The implication is that those who become addicted to drugs are suffering as much from a flaw in their brains than from a simple lack of will power or from a desire to break the law.
The research was published, Biological Psychiatry; here's an excerpt from their findings:
The scientists discovered that a region in the frontal lobes of the brain, known to be critically implicated in decision-making and self-control, was abnormally bigger in the recreational cocaine users.
The Cambridge researchers suggest that this abnormal increase in grey matter volume, which they believe predates drug use, might reflect resilience to the effects of cocaine, and even possibly helps these recreational cocaine users to exert self-control and to make advantageous decisions which minimize the risk of them becoming addicted.
They found that this same region in the frontal lobes of the brain was significantly reduced in size in people with cocaine dependence...They also found that people who use illicit drugs like cocaine exhibit high levels of sensation-seeking personality traits, but only those developing dependence show personality traits of impulsivity and compulsivity.
One of the lynchpins of criminal law is that punishment must be based on acts which were done with the free will of the Defendant. Once someone becomes addicted the focus of the Criminal Justice System should not be on punishment with hard drug laws but on prevention.

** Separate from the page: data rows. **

(* Let $(\mathcal{X},\rho)$ be a bounded length space with finite doubling dimension $d$ and diameter $R$, equipped with a finite Borel measure $\nu$. For $\eta\in\mathcal{F}_0$, let $\mathfrak{b}$ be the box-counting dimension of $\partial_\eta\mathcal{X}$. Then for any $c>0$ there exists a constant $C>0$ such that for all $r>0$, \[\mathcal{N}_{\mathrm{ML},\eta}\big(\mathcal{X}\setminus(\partial_\eta\mathcal{X})^r\big)\le C R^{4d} r^{-(\mathfrak{b}+c)}.\]
   Context: A length space: $\rho(x,x')=\inf_\gamma\ell(\gamma)$ over continuous paths from $x$ to $x'$. Doubling dimension $d$: every open ball $B(x,r)$ can be covered by $2^d$ balls of radius $r/2$. $\mathrm{margin}_\eta(x)=\inf\{\rho(x,x'):\eta(x')\ne\eta(x)\}$; $\partial_\eta\mathcal{X}=\{x:\mathrm{margin}_\eta(x)=0\}$; $\mathcal{F}_0$ = measurable $\eta$ with $\nu(\partial_\eta\mathcal{X})=0$. $A^r=\bigcup_{x\in A}B(x,r)$. A set $U$ is mutually-labeling for $\eta$ if $\sup_{z,z'\in U}\rho(z,z')<\mathrm{margin}_\eta(x)$ for all $x\in U$; $\mathcal{N}_{\mathrm{ML},\eta}(V)$ is the minimal number of mutually-labeling sets covering $V$. $\mathcal{N}_r(A)$ is the minimal number of radius-$r$ balls covering $A$, and the box-counting dimension is $\mathfrak{b}(A)=\limsup_{r\to0}\log\mathcal{N}_r(A)/\log(1/r)$. *)

From HB Require Import structures.
From mathcomp Require Import all_boot all_order all_algebra.
From mathcomp Require Import all_classical all_reals all_analysis.
Set Implicit Arguments. Unset Strict Implicit. Unset Printing Implicit Defensive.
Import Order.TTheory GRing.Theory Num.Theory.
Local Open Scope classical_set_scope.
Local Open Scope ring_scope.

Section Defs.
Variables (R : realType) (X : pointedType) (rho : X -> X -> R).

Definition is_metric : Prop :=
  [/\ (forall x y, 0 <= rho x y),
      (forall x y, rho x y = 0 <-> x = y),
      (forall x y, rho x y = rho y x) &
      (forall x y z, rho x z <= rho x y + rho y z)].

Definition oball (x : X) (r : R) : set X := [set y | rho x y < r].

Definition enlarge (A : set X) (r : R) : set X :=
  \bigcup_(x in A) oball x r.

(* open sets of the metric topology; Borel sets = sigma-algebra they generate *)
Definition rho_open (A : set X) : Prop :=
  forall x, A x -> exists e : R, 0 < e /\ oball x e `<=` A.
Definition rho_open_sets : set (set X) := [set A | rho_open A].

Definition is_path (gamma : R -> X) : Prop :=
  forall t, 0 <= t <= 1 -> forall e : R, 0 < e -> exists2 del : R, 0 < del &
    forall s, 0 <= s <= 1 -> `|s - t| < del -> rho (gamma s) (gamma t) < e.

Definition is_partition (s : seq R) : Prop :=
  [/\ (1 < size s)%N, head 0 s = 0, last 0 s = 1 & sorted <=%R s].

Definition path_sum (gamma : R -> X) (s : seq R) : R :=
  \sum_(i < (size s).-1) rho (gamma (nth 0 s i)) (gamma (nth 0 s i.+1)).

Definition path_length (gamma : R -> X) : \bar R :=
  ereal_sup [set (path_sum gamma s)%:E | s in is_partition].

Definition length_space : Prop :=
  forall x x', ((rho x x')%:E = ereal_inf
    [set path_length gamma | gamma in
       [set g | is_path g /\ g 0%R = x /\ g 1%R = x']])%E.

Definition doubling (d : R) : Prop :=
  forall (x : X) (r : R), 0 < r -> exists s : seq X,
    (size s)%:R <= 2 `^ d /\ oball x r `<=` \bigcup_(z in [set` s]) oball z (r / 2).

Definition diameter : \bar R :=
  ereal_sup [set (rho p.1 p.2)%:E | p in [set: X * X]].

Section Label.
Variables (Y : Type) (eta : X -> Y).

Definition margin (x : X) : \bar R :=
  ereal_inf [set (rho x x')%:E | x' in [set x' | eta x' <> eta x]].

Definition boundary : set X := [set x | margin x = 0%E].

Definition mutually_labeling (U : set X) : Prop :=
  forall x, U x ->
    (ereal_sup [set (rho p.1 p.2)%:E | p in [set p : X * X | U p.1 /\ U p.2]]
       < margin x)%E.

(* minimal number of mutually-labeling sets covering V (+oo if none) *)
Definition N_ML (V : set X) : \bar R :=
  ereal_inf [set (n%:R)%:E | n in [set n : nat | exists U : nat -> set X,
     (forall i, (i < n)%N -> mutually_labeling (U i)) /\
     V `<=` \bigcup_(i in [set i | (i < n)%N]) U i]].
End Label.

(* minimal number of radius-r balls covering A (+oo if none) *)
Definition N_r (A : set X) (r : R) : \bar R :=
  ereal_inf [set (n%:R)%:E | n in [set n : nat | exists s : seq X,
     size s = n /\ A `<=` \bigcup_(z in [set` s]) oball z r]].

Definition box_ratio (A : set X) (r : R) : \bar R :=
  match N_r A r with
  | EFin n => (ln n / ln (r^-1))%:E
  | e => e
  end.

Yet for a percentage of the population taking drugs becomes an uncontrollable impulse.
One wonders what would happen to an habitual cocaine addict such as Sigmund Freud who was addicted to cocaine for over twelve years. Had he live here in Tampa Bay, Florida would he have simply been charged with Trafficking in Cocaine while facing years of prison with a minimum mandatory sentence?

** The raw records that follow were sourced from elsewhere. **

Lemma comp_add_edge a :
  comp (add_edge r x y) a = if a \in Cxy then Cxy else comp r a.
Proof.
apply/setP => z; rewrite mem_comp connect_add_edge.
case: ifP => aC; rewrite ?andbF ?orbF ?mem_comp // andTb orb_idl //.
by move/(closed_connect closed_Cxy) <-.
Qed.

Hypothesis nxy : ~~ connect r x y.

Lemma ncomp_add_edge : ncomp (add_edge r x y) + 1 = ncomp r.
Proof.
set K := [set comp r a | a : T]; set Cx := comp r x; set Cy := comp r y.
have in_comp a : a \in comp r a by rewrite mem_comp connect0.
have CxK : Cx \in K by apply: imset_f.
have CyK : Cy \in K by apply: imset_f.
have CxCy : Cx != Cy.
  by apply: contra nxy => /eqP CxE; rewrite csym -mem_comp -/Cy -CxE.
have CxyK : Cxy \notin K.
  apply/imsetP => -[a _ CxyE]; move/negP: nxy; apply.
  have ax : connect r a x by rewrite -mem_comp -CxyE in_setU in_comp.
  have ay : connect r a y by rewrite -mem_comp -CxyE in_setU in_comp orbT.
  by rewrite csym in ax; apply: connect_trans ax ay.
have imE : [set comp (add_edge r x y) a | a : T] = Cxy |: (K :\: [set Cx; Cy]).
  apply/setP => C; rewrite in_setU1 in_setD in_set2; apply/imsetP/idP => [[a _ ->]|].
    rewrite comp_add_edge; case: ifPn => aC; first by rewrite eqxx.
    rewrite imset_f // andbT; apply/orP; right; apply/norP.
    by split; apply: contra aC => /eqP CaE; rewrite in_setU -/Cx -/Cy -CaE in_comp ?orbT.
  case/orP => [/eqP -> | /andP [/norP [CCx CCy] /imsetP [a _ CE]]].
    by exists x => //; rewrite comp_add_edge in_setU in_comp.
  exists a => //; rewrite comp_add_edge in_setU !mem_comp.
  by case: ifPn => // /orP [] /comp_connect CaE; rewrite CE -CaE eqxx ?andbF in CCx CCy.
have sub2 : [set Cx; Cy] \subset K by rewrite subUset !sub1set CxK CyK.
rewrite /ncomp imE cardsU1 in_setD (negbTE CxyK) andbF cardsD (setIidPr sub2) cards2 CxCy.
have := subset_leq_card sub2; rewrite cards2 CxCy -/K; lia.
Qed.

End AddEdge.
End Components.

Lemma set2_inj (T : finType) (w : T) : injective (fun v => [set w; v]).
Proof.
move=> u v /= uvE.
have : v \in [set w; u] by rewrite uvE set22.
have : u \in [set w; v] by rewrite -uvE set22.
by rewrite !in_set2 => /orP [/eqP -> | /eqP //] /orP [/eqP -> | /eqP ->].
Qed.

Lemma set2_eqE (T : finType) (u v x y : T) : x != y ->
  ([set u; v] == [set x; y]) = (u == x) && (v == y) || (u == y) && (v == x).
Proof.
move=> xy; apply/eqP/idP => [uvE | /orP [] /andP [/eqP-> /eqP->] //]; last exact: setUC.
have : x \in [set u; v] by rewrite uvE set21.
have : y \in [set u; v] by rewrite uvE set22.
have : u \in [set x; y] by rewrite -uvE set21.
have : v \in [set x; y] by rewrite -uvE set22.
rewrite !in_set2 => /orP [] /eqP-> /orP [] /eqP-> //; rewrite ?eqxx ?orbT //= ?orbb.
- by rewrite eq_sym (negbTE xy).
- by rewrite (negbTE xy).
Qed.

Section Graphic.
Variables (T : finType) (e : rel T).
Hypothesis eirr : irreflexive e.
Implicit Types (A B S : {set {set T}}) (x y : T).

Lemma edgesP f : reflect (exists x y, e x y /\ f = [set x; y]) (f \in edges e).
Proof.
apply: (iffP imset2P) => [[x y _] | [x [y [exy ->]]]]; last by exists x y; rewrite ?inE.
by rewrite inE => exy ->; exists x, y.
Qed.

Lemma edge_neq x y : e x y -> x != y.
Proof. by apply: contraTneq => ->; rewrite eirr. Qed.

Lemma adj_in_sym S : symmetric (adj_in S).
Proof. by move=> u v; rewrite /adj_in setUC. Qed.

Lemma adj_in_setU1 S x y : x != y -> adj_in ([set x; y] |: S) =2 add_edge (adj_in S) x y.
Proof. by move=> xy u v; rewrite /adj_in /add_edge /= in_setU1 set2_eqE // orbC. Qed.

Lemma n_components_adj S : S \subset edges e -> n_components e S = ncomp (adj_in S).
Proof. by move=> /setIidPl SE; rewrite /n_components SE. Qed.

Lemma grank_connectedP (x0 : T) B : B \subset edges e ->
  reflect (forall a b, connect (adj_in B) a b) (grank e B == #|T| - 1).
Proof.
move=> BE; rewrite /grank n_components_adj //.
have ncomp_gt0 : 0 < ncomp (adj_in B).
  by apply/card_gt0P; exists (comp (adj_in B) x0); apply: imset_f.
have ncomp_le : ncomp (adj_in B) <= #|T| by apply: leq_imset_card.
have -> : (#|T| - ncomp (adj_in B) == #|T| - 1) = (ncomp (adj_in B) == 1).
  move: ncomp_gt0 ncomp_le; move: (ncomp _) => n; lia.
exact: ncomp1P.
Qed.

Definition is_forest B : bool := #|B| + ncomp (adj_in B) == #|T|.

Lemma forest_add_edge B x y : e x y -> ~~ connect (adj_in B) x y ->
  is_forest B -> is_forest ([set x; y] |: B).
Proof.
move=> exy nxy; rewrite /is_forest cardsU1 (eq_ncomp (adj_in_setU1 _ (edge_neq exy))).
have xyB : [set x; y] \notin B by apply: contra nxy => xyB; apply: connect1.
rewrite xyB -(ncomp_add_edge (adj_in_sym B) nxy).
by rewrite addnA addn1 add1n addSn.
Qed.

Lemma maximal_forest A B0 : B0 \subset A -> is_forest B0 ->
  exists2 B : {set {set T}}, [/\ B0 \subset B, B \subset A & is_forest B] &
    forall x y, e x y -> [set x; y] \in A -> connect (adj_in B) x y.
Proof.
move=> B0A fB0.
pose Phi (B : {set {set T}}) := [&& B0 \subset B, B \subset A & is_forest B].
case: (@arg_maxnP _ B0 Phi (fun B => #|B|)); first by apply/and3P.
move=> B /and3P [B0B BA fB] Bmax; exists B => // x y exy xyA; apply/contraT => nxy.
have xyB : [set x; y] \notin B by apply: contra nxy => xyB; apply: connect1.
suff /Bmax : Phi ([set x; y] |: B) by rewrite cardsU1 xyB add1n /geq /= ltnn.
rewrite /Phi subUset sub1set xyA BA (subset_trans B0B (subsetUr _ _)).
exact: forest_add_edge.
Qed.

End Graphic.

Section Levels.
Variables (T : finType) (e : rel T) (w : T).
Hypotheses (esym : symmetric e) (eirr : irreflexive e).
Local Notation F := (edges_avoiding e w).
Local Notation nbrs := [set v | e w v].
Implicit Types (N : {set T}) (B : {set {set T}}).

Definition star (N : {set T}) : {set {set T}} := [set [set w; v] | v in N].

Lemma card_star N : #|star N| = #|N|.
Proof. by rewrite card_imset //; apply: set2_inj. Qed.

Lemma star_sub_edges N : N \subset nbrs -> star N \subset edges e.
Proof.
move=> /subsetP Nw; apply/subsetP => _ /imsetP [v vN ->].
by apply/edgesP; exists w, v; split => //; have := Nw v vN; rewrite inE.
Qed.

Lemma forest_star s : uniq s -> {subset s <= nbrs} -> is_forest (star [set:: s]).
Proof.
elim: s => [_ _ | v s IHs /= /andP [vs s_uniq] sw].
  rewrite /is_forest /star set_nil imset0 cards0 (@ncomp_rel0 _ (adj_in set0)) //.
  by move=> u v; rewrite /adj_in in_set0.
have ewv : e w v by have := sw v (mem_head _ _); rewrite inE.
have v_isolated u : ~~ adj_in (star [set:: s]) v u.
  apply/imsetP => -[u' u's vuE].
  have : v \in [set w; u'] by rewrite -vuE set21.
  rewrite in_set2 => /orP [/eqP vw | /eqP vu']; first by rewrite vw eirr in ewv.
  by rewrite inE in u's; rewrite vu' u's in vs.
rewrite /star set_cons imsetU1; apply: forest_add_edge => //; last first.
  by apply: IHs => // u us; apply: sw; rewrite inE us orbT.
rewrite (sym_connect_sym (@adj_in_sym _ _)).
apply/negP => /connectP [[_ wv | u p /andP [vu _]]].
  by rewrite wv eirr in ewv.
by rewrite (negbTE (v_isolated u)) in vu.
Qed.

Lemma mem_edges_avoiding x y : e x y -> ([set x; y] \in F) = (x != w) && (y != w).
Proof.
move=> exy; rewrite inE in_set2 negb_or ![w == _]eq_sym andb_idl //.
by move=> _; apply/edgesP; exists x, y.
Qed.

Lemma setD_avoiding_sub_star B : B \subset edges e -> B :\: F \subset star nbrs.
Proof.
move=> BE; apply/subsetP => f /setDP [fB fF].
have /edgesP [x [y [exy fE]]] := subsetP BE f fB; rewrite fE in fF *.
rewrite mem_edges_avoiding // negb_and !negbK in fF.
case/orP: fF => /eqP ?; subst; apply/imsetP; first by exists y; rewrite ?inE.
by exists x; rewrite 1?setUC // inE esym.
Qed.

Lemma connect_star_avoiding N B : N \subset nbrs -> N != set0 -> star N \subset B ->
  induced_connected e (setT :\ w) ->
  (forall x y, e x y -> [set x; y] \in F -> connect (adj_in B) x y) ->
  forall a b, connect (adj_in B) a b.
Proof.
move=> /subsetP Nw /set0Pn [v0 v0N] starB Gw_conn FB.
have ewv0 : e w v0 by have := Nw v0 v0N; rewrite inE.
have w_to z : connect (adj_in B) w z.
  have wv0 : connect (adj_in B) w v0 by apply/connect1/(subsetP starB)/imset_f.
  have [-> | zw] := eqVneq z w; first exact: connect0.
  apply: connect_trans wv0 _.
  have := Gw_conn v0 z; rewrite !inE eq_sym (edge_neq eirr ewv0) zw => /(_ isT isT).
  apply: connect_sub => u v /and3P [euv]; rewrite !inE !andbT => uw vw.
  by apply: FB; rewrite ?mem_edges_avoiding ?uw.
move=> a b; apply: connect_trans (w_to b).
by rewrite (sym_connect_sym (@adj_in_sym _ B)).
Qed.

Hypothesis G_conn : graph_connected e.
Hypothesis Gw_conn : induced_connected e (setT :\ w).

Lemma grank_edges : grank e (edges e) = #|T| - 1.
Proof.
apply/eqP/(grank_connectedP w) => // a b.
apply: connect_sub (G_conn (in_setT a) (in_setT b)) => u v /and3P [euv _ _].
by apply/connect1/edgesP; exists u, v.
Qed.

Lemma is_basisP B : reflect
  [/\ B \subset edges e, #|B| = #|T| - 1 & forall a b, connect (adj_in B) a b]
  (is_basis e B).
Proof.
rewrite /is_basis grank_edges.
apply: (iffP idP) => [/andP [/andP [BE /eqP cardB] gB] | [BE cardB Bconn]].
  by split=> //; [rewrite cardB; apply/eqP | apply/(grank_connectedP w BE)].
have /eqP gB : grank e B == #|T| - 1 by apply/(grank_connectedP w BE).
by rewrite BE cardB gB !eqxx.
Qed.

Lemma card_basis_setD_avoiding (z : T) B : z != w -> is_basis e B ->
  0 < #|B :\: F| <= degree e w.
Proof.
move=> zw /is_basisP [BE _ Bconn]; apply/andP; split.
  case/connectP: (Bconn w z) => [[_ zE | c p /andP [wcB _] _]].
    by rewrite zE eqxx in zw.
  apply/card_gt0P; exists [set w; c]; rewrite in_setD andbC [_ \in B]wcB inE.
  by rewrite set21 andbF.
by rewrite /degree -(card_star nbrs) subset_leq_card // setD_avoiding_sub_star.
Qed.

Lemma exists_basis_star N : N \subset nbrs -> N != set0 ->
  exists2 B, is_basis e B & B :\: F = star N.
Proof.
move=> Nw N0.
have starN : is_forest (star N).
  rewrite -(set_enum N); apply: forest_star; rewrite ?enum_uniq // => v.
  by rewrite mem_enum => /(subsetP Nw).
have [B [NB BA forestB] BF] := maximal_forest eirr (subsetUl (star N) F) starN.
have Bconn : forall a b, connect (adj_in B) a b.
  apply: connect_star_avoiding Nw N0 NB Gw_conn _ => x y exy xyF.
  by apply: BF; rewrite // in_setU xyF orbT.
have BE : B \subset edges e.
  apply: subset_trans BA _; rewrite subUset star_sub_edges //.
  by apply/subsetP => f; rewrite inE => /andP [].
exists B.
  have /eqP ncompB : ncomp (adj_in B) == 1 by apply/(ncomp1P _ w).
  apply/is_basisP; split=> //.
  by move: forestB; rewrite /is_forest ncompB addn1 => /eqP <-; rewrite subn1.
apply/setP => f; rewrite in_setD; apply/idP/idP => [/andP [fF fB] | fN].
  by have := subsetP BA f fB; rewrite in_setU (negbTE fF) orbF.
rewrite (subsetP NB f fN) andbT.
by case/imsetP: fN => v _ ->; rewrite inE set21 andbF.
Qed.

An excellent book, Anatomy of an Addiction tells the harrowing tale of how Sigmund Freud beat his addiction while his best friend a renowned surgeon was ruined from his addiction to cocaine, while both experimented with the drug.

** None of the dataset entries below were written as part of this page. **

Lemma orbit_emb_inj : injective orbit_emb.
Proof.
move=> o o'; have [x ->] := orbit_space_pi_surj o; have [y ->] := orbit_space_pi_surj o'.
rewrite !orbit_embE => /orbit_invv_inj[eps [b exy]].
apply: gquot_pi_eq; case: b exy => exy.
  exists eps, x, (sphere_opp y); split => //.
    by apply/esym/(RP_pi_sign (e := true)); rewrite /= expr1 scaleN1r.
  by rewrite exy /= expr1 scaleN1r.
by exists eps, x, y; rewrite exy expr0 scale1r.
Qed.
End OrbitSpaceEmbedding.

Section JoinEmbedding.
Variable R : realType.
Local Notation S2 := (sphere R 3).
Local Notation RP2 := (RP R 3).
Local Notation I := (unit_interval R).
Local Notation J := (join R S2 RP2).

Definition RP_outer (i j : nat) : RP2 -> R :=
  gquot_lift (fun x : S2 => entry (val x) i * entry (val x) j).

Lemma RP_outer_inv i j (x y : S2) : val y = - val x ->
  entry (val x) i * entry (val x) j = entry (val y) i * entry (val y) j.
Proof. by move=> ->; rewrite !entryN mulrNN. Qed.

Lemma RP_outerE i j (x : S2) : RP_outer i j (\pi_RP2 x) = entry (val x) i * entry (val x) j.
Proof. exact: gquot_liftE (@RP_outer_inv i j) _. Qed.

Lemma RP_outer_continuous i j : continuous (RP_outer i j).
Proof.
apply: gquot_lift_continuous (@RP_outer_inv i j) => x.
exact: cvgM (@entry_continuous R 2 i x) (@entry_continuous R 2 j x).
Qed.

Definition join_emb_prod (p : S2 * (RP2 * I)) : 'rV[R]_9 :=
  vec9 (Num.sqrt (1 - val p.2.2) * entry (val p.1) 0)
    (Num.sqrt (1 - val p.2.2) * entry (val p.1) 1)
    (Num.sqrt (1 - val p.2.2) * entry (val p.1) 2)
    (val p.2.2 * RP_outer 0 0 p.2.1) (val p.2.2 * RP_outer 1 1 p.2.1)
    (val p.2.2 * RP_outer 2 2 p.2.1) (val p.2.2 * RP_outer 0 1 p.2.1)
    (val p.2.2 * RP_outer 0 2 p.2.1) (val p.2.2 * RP_outer 1 2 p.2.1).

Lemma join_emb_prodE (a b : S2) (t : I) : join_emb_prod (a, (\pi_RP2 b, t)) =
  join_vec (entry (val a) 0) (entry (val a) 1) (entry (val a) 2)
    (entry (val b) 0) (entry (val b) 1) (entry (val b) 2) (val t).
Proof. by rewrite /join_emb_prod /join_vec !RP_outerE. Qed.

Lemma join_emb_prod_inv p p' : join_rel R S2 RP2 p p' -> join_emb_prod p = join_emb_prod p'.
Proof.
rewrite /join_emb_prod => -[[-> [-> ->]]|[-> [-> ->]]]; first by rewrite !mul0r.
by rewrite subrr sqrtr0 !mul0r.
Qed.

Lemma join_emb_prod_continuous : continuous join_emb_prod.
Proof.
have cc (A B C : topologicalType) (f : A -> B) (g : B -> C) :
    continuous f -> continuous g -> continuous (g \o f).
  by move=> cf cg x; apply: continuous_comp; [exact: cf|exact: cg].
have c_fst (A B : topologicalType) : continuous (@fst A B) by move=> x; exact: cvg_fst.
have c_snd (A B : topologicalType) : continuous (@snd A B) by move=> x; exact: cvg_snd.
have c_val : continuous (fun t : I => val t : R) by exact: initial_continuous.
have ct : continuous (fun p : S2 * (RP2 * I) => val p.2.2 : R).
  exact: cc _ _ _ _ _ (cc _ _ _ _ _ (c_snd _ _) (c_snd _ _)) c_val.
have ca k : continuous (fun p : S2 * (RP2 * I) => entry (val p.1) k).
  exact: cc _ _ _ _ _ (c_fst _ _) (@entry_continuous R 2 k).
have cb i j : continuous (fun p : S2 * (RP2 * I) => RP_outer i j p.2.1).
  have -> : (fun p : S2 * (RP2 * I) => RP_outer i j p.2.1) = RP_outer i j \o (fst \o snd).
    by [].
  exact: cc _ _ _ _ _ (cc _ _ _ _ _ (c_snd _ _) (c_fst _ _)) (@RP_outer_continuous i j).
have cr : continuous (fun p : S2 * (RP2 * I) => Num.sqrt (1 - val p.2.2 : R)).
  move=> p; apply: continuous_comp; last exact: sqrt_continuous.
  by apply: cvgB; [exact: cvg_cst|exact: ct].
move=> p; exact: continuous_vec9 (cvgM (cr p) (ca 0%N p)) (cvgM (cr p) (ca 1%N p))
  (cvgM (cr p) (ca 2%N p)) (cvgM (ct p) (cb 0%N 0%N p)) (cvgM (ct p) (cb 1%N 1%N p))
  (cvgM (ct p) (cb 2%N 2%N p)) (cvgM (ct p) (cb 0%N 1%N p)) (cvgM (ct p) (cb 0%N 2%N p))
  (cvgM (ct p) (cb 1%N 2%N p)).
Qed.

Definition join_emb : J -> 'rV[R]_9 := gquot_lift join_emb_prod.

Lemma join_embE (a b : S2) (t : I) : join_emb (\pi_J (a, (\pi_RP2 b, t))) =
  join_vec (entry (val a) 0) (entry (val a) 1) (entry (val a) 2)
    (entry (val b) 0) (entry (val b) 1) (entry (val b) 2) (val t).
Proof. by rewrite /join_emb (gquot_liftE join_emb_prod_inv) join_emb_prodE. Qed.

Lemma join_emb_continuous : continuous join_emb.
Proof. exact: gquot_lift_continuous join_emb_prod_continuous join_emb_prod_inv. Qed.

Lemma join_pi_surj (j : J) : exists (a b : S2) (t : I), j = \pi_J (a, (\pi_RP2 b, t)).
Proof.
have := reprK j; case: (repr j) => a [y t] <-.
by exists a, (repr y), t; rewrite reprK.
Qed.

Now with this new Cambridge scientific study we know that it wasn't mere will power that determined who would beat the addiction, it was biology. Other recent studies have show that genetic triggers prove predisposition to commit crime.
Shouldn't the Criminal Justice System take biological traits leading to addiction into account as sentencing to ensure fairness in Drug Court? Clearwater Criminal Defense Attorneys must persuade Judges that dependence on drugs is not just a lack of will power it's often simply a fact of biology.